LISTED ENTRIES:
(* Multiplying by the nearest similarity makes these identities hold trivially when p
   has no neighbour on that side, which spares case splits later. *)
Lemma exists_nearest e A p : e != 0 -> exists l, [/\
  nearest_sim e A p != 0 -> l \in A,
  {in A, forall x, e * coord x < e * coord p -> nearest_sim e A p * sim x l = sim x p} &
  forall x, e * coord p <= e * coord x ->
    nearest_sim e A p * sim x l = nearest_sim e A p ^+ 2 * sim x p].
Proof.
move=> e0; have [[y yA yp]|none] := pselect (exists2 y, y \in A & e * coord y < e * coord p).
  have [l [lA lp lnear]] := @exists_fset_argmax _ _ _ A
    (fun y => e * coord y < e * coord p) (fun y => e * coord y) (ex_intro2 _ _ y yA yp).
  have sim_below x : x \in A -> e * coord x < e * coord p -> sim x p = sim x l * sim l p.
    by move=> xA xp; apply: (sim_mul e0); [exact: lnear | exact: ltW].
  have -> : nearest_sim e A p = sim l p.
    apply/le_anti/andP; split; last exact: (le_bigmax_seq _ _ _ _ lA lp).
    rewrite /nearest_sim big_seq_cond; apply: bigmax_le; first exact: ltW (sim_gt0 _ _).
    move=> x /andP[xA xp]; rewrite sim_below //.
    by rewrite ler_piMl ?sim_le1 ?(ltW t_gt0) // ltW // sim_gt0.
  exists l; split=> // [x xA xp | x px]; first by rewrite mulrC -sim_below.
  by rewrite expr2 -mulrA [sim x l]simC (sim_mul e0 (ltW lp) px) (simC p x).
have -> : nearest_sim e A p = 0.
  apply/le_anti/andP; split; last exact: nearest_sim_ge0.
  rewrite /nearest_sim big_seq_cond; apply: bigmax_le => // x /andP[xA xp].
  by case: none; exists x.
exists p; split=> [|x xA xp|x _]; [by rewrite eqxx | by case: none; exists x |].
by rewrite expr2 !mul0r.
Qed.

Section Insertion.
Variables (A : {fset pt}) (p l r : pt).
Hypothesis pA : p \notin A.
Local Notation a := (nearest_sim 1 A p).
Local Notation b := (nearest_sim (-1) A p).
Hypothesis lA : a != 0 -> l \in A.
Hypothesis l_below : {in A, forall x, 1 * coord x < 1 * coord p -> a * sim x l = sim x p}.
Hypothesis l_above : forall x, 1 * coord p <= 1 * coord x -> a * sim x l = a ^+ 2 * sim x p.
Hypothesis rA : b != 0 -> r \in A.
Hypothesis r_above : {in A, forall x, -1 * coord x < -1 * coord p -> b * sim x r = sim x p}.
Hypothesis r_below : forall x, -1 * coord p <= -1 * coord x -> b * sim x r = b ^+ 2 * sim x p.

Lemma sim_lower_nbr x : x \in A ->
  a * sim x l = (if coord x < coord p then 1 else a ^+ 2) * sim x p.
Proof.
move=> xA; case: ifPn => xp; first by rewrite mul1r l_below ?mul1r.
by rewrite l_above // !mul1r leNgt.
Qed.

Lemma sim_upper_nbr x : x \in A ->
  b * sim x r = (if coord x < coord p then b ^+ 2 else 1) * sim x p.
Proof.
move=> xA; case: ifPn => xp; first by rewrite r_below // !mulN1r lerN2 ltW.
rewrite mul1r r_above // !mulN1r ltrN2 lt_neqAle leNgt xp andbT.
by apply: contraNneq pA => /coord_inj ->.
Qed.

Lemma scale_weighting c z w : (c != 0 -> z \in A) -> weighting A w ->
  c * \sum_(y <- A) sim z y * w y = c.
Proof.
move=> zA wA; have [->|c0] := eqVneq c 0; first by rewrite mul0r.
by rewrite wA ?mulr1 ?zA.
Qed.

Lemma sum_sim_new w : weighting A w ->
  \sum_(y <- A) sim p y * w y = (a + b) / (1 + a * b).
Proof.
move=> wA; set L := \sum_(y <- A | coord y < coord p) sim y p * w y.
set U := \sum_(y <- A | ~~ (coord y < coord p)) sim y p * w y.
have split_sum f g (F : pt -> R) :
    {in A, forall y, F y = (if coord y < coord p then f else g) * sim y p * w y} ->
    \sum_(y <- A) F y = f * L + g * U.
  move=> FE; rewrite (eq_big_seq _ FE) (bigID (fun y => coord y < coord p)) /L /U.
  rewrite !big_distrr /=.
  by congr (_ + _); apply: eq_bigr => y yp; rewrite ?yp ?(negbTE yp) mulrA.
(* The weighting equations at the two neighbours, scaled by a and b. *)
have eqa : a = 1 * L + a ^+ 2 * U.
  rewrite -[LHS](scale_weighting lA wA) big_distrr /=; apply: split_sum => y yA.
  by rewrite mulrA (simC l) sim_lower_nbr.
have eqb : b = b ^+ 2 * L + 1 * U.
  rewrite -[LHS](scale_weighting rA wA) big_distrr /=; apply: split_sum => y yA.
  by rewrite mulrA (simC r) sim_upper_nbr.
have -> : \sum_(y <- A) sim p y * w y = 1 * L + 1 * U.
  by apply: split_sum => y _; rewrite if_same mul1r simC.
have [a0 b0] := (nearest_sim_ge0 1 A p, nearest_sim_ge0 (-1) A p).
have [a1 b1] := (nearest_sim_lt1 1 pA, nearest_sim_lt1 (-1) pA).
have ab1 : a * b < 1 by rewrite mulr_ilt1.
have nab : 1 + a * b != 0 by rewrite lt0r_neq0 // ltr_wpDr // mulr_ge0.
have nab' : 1 - a * b != 0 by rewrite subr_eq0 eq_sym lt_eqF.
have hL : (L * (1 + a * b) - a) * (1 - a * b) =
    (1 * L + a ^+ 2 * U - a) - a ^+ 2 * (b ^+ 2 * L + 1 * U - b) by ring.
have hU : (U * (1 + a * b) - b) * (1 - a * b) =
    (b ^+ 2 * L + 1 * U - b) - b ^+ 2 * (1 * L + a ^+ 2 * U - a) by ring.
rewrite -eqa -eqb !subrr !mulr0 !subrr in hL hU.
have solve X c : (X * (1 + a * b) - c) * (1 - a * b) = 0 -> X = c / (1 + a * b).
  by move/eqP; rewrite mulf_eq0 (negbTE nab') orbF subr_eq0 => /eqP <-; field.
by rewrite (solve _ _ hL) (solve _ _ hU); field.
Qed.
Lemma NextABC_seqF_odd (j : nat) :
  NextABC (A j.*2.+1) (B j.*2.+1) (C j.*2.+1) (A j.+1.*2) (B j.+1.*2) (C j.+1.*2)
          (seqk m j.*2.+1) (a j.*2.+1) (D j.*2.+1).
Proof.
have K0 := J_neq0 j; have L0 := J_neq0 j.+1.
rewrite seqAF_odd seqBF_odd seqAF_even seqBF_even seqCF_even /seqk /seqDF /seqCF /=.
rewrite odd_double /=; apply: NextABC_odd_step => //.
- rewrite /seqaF /= odd_double /= uphalf_double.
  by rewrite mulf_neq0 ?invr_eq0 // mulf_neq0 ?signr_eq0.
- rewrite /seqaF /c /= odd_double /= doubleK uphalf_double [(- t) ^+ _]exprNn (qintFS j.+1).
  by field; rewrite -?qintFS ?K0 ?L0.
- by rewrite /c (qintFS j.+1); field; rewrite -?qintFS ?K0 ?L0.
Qed.

Lemma NextABC_seqF_even (j : nat) :
  NextABC (A j.+1.*2) (B j.+1.*2) (C j.+1.*2) (A j.+1.*2.+1) (B j.+1.*2.+1) (C j.+1.*2.+1)
          (seqk m j.+1.*2) (a j.+1.*2) (D j.+1.*2).
Proof.
have K0 := J_neq0 j; have L0 := J_neq0 j.+1; have M0 := J_neq0 j.+2.
rewrite seqAF_even seqBF_even seqCF_even seqDF_even seqAF_odd seqBF_odd /seqk /seqCF /=.
rewrite odd_double /= !subSS subn0; apply: NextABC_even_step => //.
- rewrite /seqaF /= odd_double /= doubleK.
  by rewrite mulf_neq0 ?invr_eq0 // mulf_neq0 // expf_neq0 ?oppr_eq0.
- by apply: lincomb_neq0 => //; left; rewrite oppr_eq0 oner_eq0.
- rewrite /seqaF /= odd_double /= doubleK uphalf_double [(- t) ^+ _]exprNn.
  by rewrite (qintFS j.+2) (qintFS j.+1); field; rewrite -?qintFS ?K0 ?L0 ?M0.
- rewrite /seqaF /c /= odd_double /= doubleK uphalf_double [(- t) ^+ _]exprNn.
  by rewrite (qintFS j.+2) (qintFS j.+1); field; rewrite -?qintFS ?K0 ?L0 ?M0.
- by rewrite (qintFS j.+2) (qintFS j.+1); field; rewrite -?qintFS ?K0 ?L0 ?M0.
Qed.

Lemma NextABC_seqF_init :
  NextABC (A 0) (B 0) (C 0) (A 1) (B 1) (C 1) (seqk m 0) (a 0) (D 0).
Proof.
rewrite (seqAF_even 0) (seqBF_even 0) seqCF0 (seqDF_even 0) (seqAF_odd 0) (seqBF_odd 0).
rewrite /seqk /seqCF /seqaF /c /= !subSS subn0 (qintFS 1) !qintF1.
have L0 := J_neq0 1; rewrite qintFS qintF1 mulr1 in L0.
apply: NextABC_even_step => //.
- by rewrite oppr_eq0 oner_eq0.
- by apply: lincomb_neq0 => //; right; rewrite oppr_eq0 expf_neq0.
- by field; rewrite ?mulr1 ?oner_eq0 ?L0.
- by case: (sign_cases F m) => ->; field; rewrite ?mulr1 ?oner_eq0 ?L0.
- by field; rewrite ?mulr1 ?oner_eq0 ?L0.
Qed.

Theorem NextABC_seqF (n : nat) :
  NextABC (A n) (B n) (C n) (A n.+1) (B n.+1) (C n.+1) (seqk m n) (a n) (D n).
Proof.
rewrite -[n]odd_double_half; case: (odd n) => /=; first exact: NextABC_seqF_odd.
by case: n./2 => [|j]; [exact: NextABC_seqF_init | exact: NextABC_seqF_even].
Qed.

End GenericRecursion.

Lemma qintF_tt_neq0 (m n : nat) : qintF n.+1 (tt ^+ m) != 0.
Proof.
have -> : qintF n.+1 (tt ^+ m) = tofrac (\sum_(i < n.+1) ('X^m : {poly rat}) ^+ i).
  by rewrite rmorph_sum; apply: eq_bigr => i _; rewrite !rmorphXn.
have ev1 : (\sum_(i < n.+1) ('X^m : {poly rat}) ^+ i).[1] = n.+1%:R.
  rewrite horner_sum (eq_bigr (fun=> 1)) => [|i _]; last by rewrite horner_exp hornerXn !expr1n.
  by rewrite sumr_const card_ord.
by rewrite tofrac_eq0; apply: contra_eq_neq ev1 => ->; rewrite horner0 eq_sym pnatr_eq0.
Qed.

Lemma tt_neq0 : tt != 0.
Proof. by rewrite tofrac_eq0 polyX_eq0. Qed.

Lemma natr_Qt_neq0 (m : nat) : (0 < m)%N -> (m%:R : Qt) != 0.
Proof.
by move=> m0; rewrite -(rmorph_nat (@tofrac _)) tofrac_eq0 -polyC_natr polyC_eq0 pnatr_eq0 -lt0n.
Qed.

Lemma beta_poly (m : nat) : beta m = \poly_(d < m.+1) (rho m d * (-1) ^+ d).
Proof.
by rewrite poly_def; apply: eq_bigr => d _; rewrite exprNX mulrA -polyCM mul_polyC.
Qed.

Lemma coef0_beta (m : nat) : (0 < m)%N -> (beta m)`_0 = 1.
Proof.
move=> m0; rewrite beta_poly coef_poly /= mulr1 /rho eq_sym gtn_eqF //.
by rewrite big_ord1 subn0 !bin0 mulr1 mulr1 mulfV // natr_Qt_neq0.
Qed.

Lemma size_beta_trunc (m : nat) :
  (size (beta m + (- ((-1) ^+ m * (1 + tt ^+ m)))%:P * 'X^m)%R <= m)%N.
Proof.
apply/leq_sizeP => j; rewrite leq_eqVlt => /predU1P [<- | mj];
  rewrite coefD coefCM coefXn beta_poly coef_poly.
  by rewrite eqxx ltnSn /rho eqxx mulr1 mulrC addrN.
by rewrite gtn_eqF // ltnNge mj mulr0 addr0.
Qed.

Theorem lemma7p1 (m : nat) (hm : (2 <= m)%N) (n : nat) :
  NextABC (seqA m n) (seqB m n) (seqC m n)
          (seqA m n.+1) (seqB m n.+1) (seqC m n.+1)
          (seqk m n) (seqa m n) (seqD m n).
Proof.
case: m hm => [|[|p]] // _.
apply: (NextABC_seqF (t := tt) (b := beta p.+2)).
- exact: qintF_tt_neq0.
- exact: tt_neq0.
- exact: coef0_beta.
- exact: size_beta_trunc.
Qed.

TASK DETAILS:
Each line that contains "andP" is to be copied from the listing above.

ANSWER TO THIS EXERCISE:
    apply/le_anti/andP; split; last exact: (le_bigmax_seq _ _ _ _ lA lp).
    move=> x /andP[xA xp]; rewrite sim_below //.
  apply/le_anti/andP; split; last exact: nearest_sim_ge0.
  rewrite /nearest_sim big_seq_cond; apply: bigmax_le => // x /andP[xA xp].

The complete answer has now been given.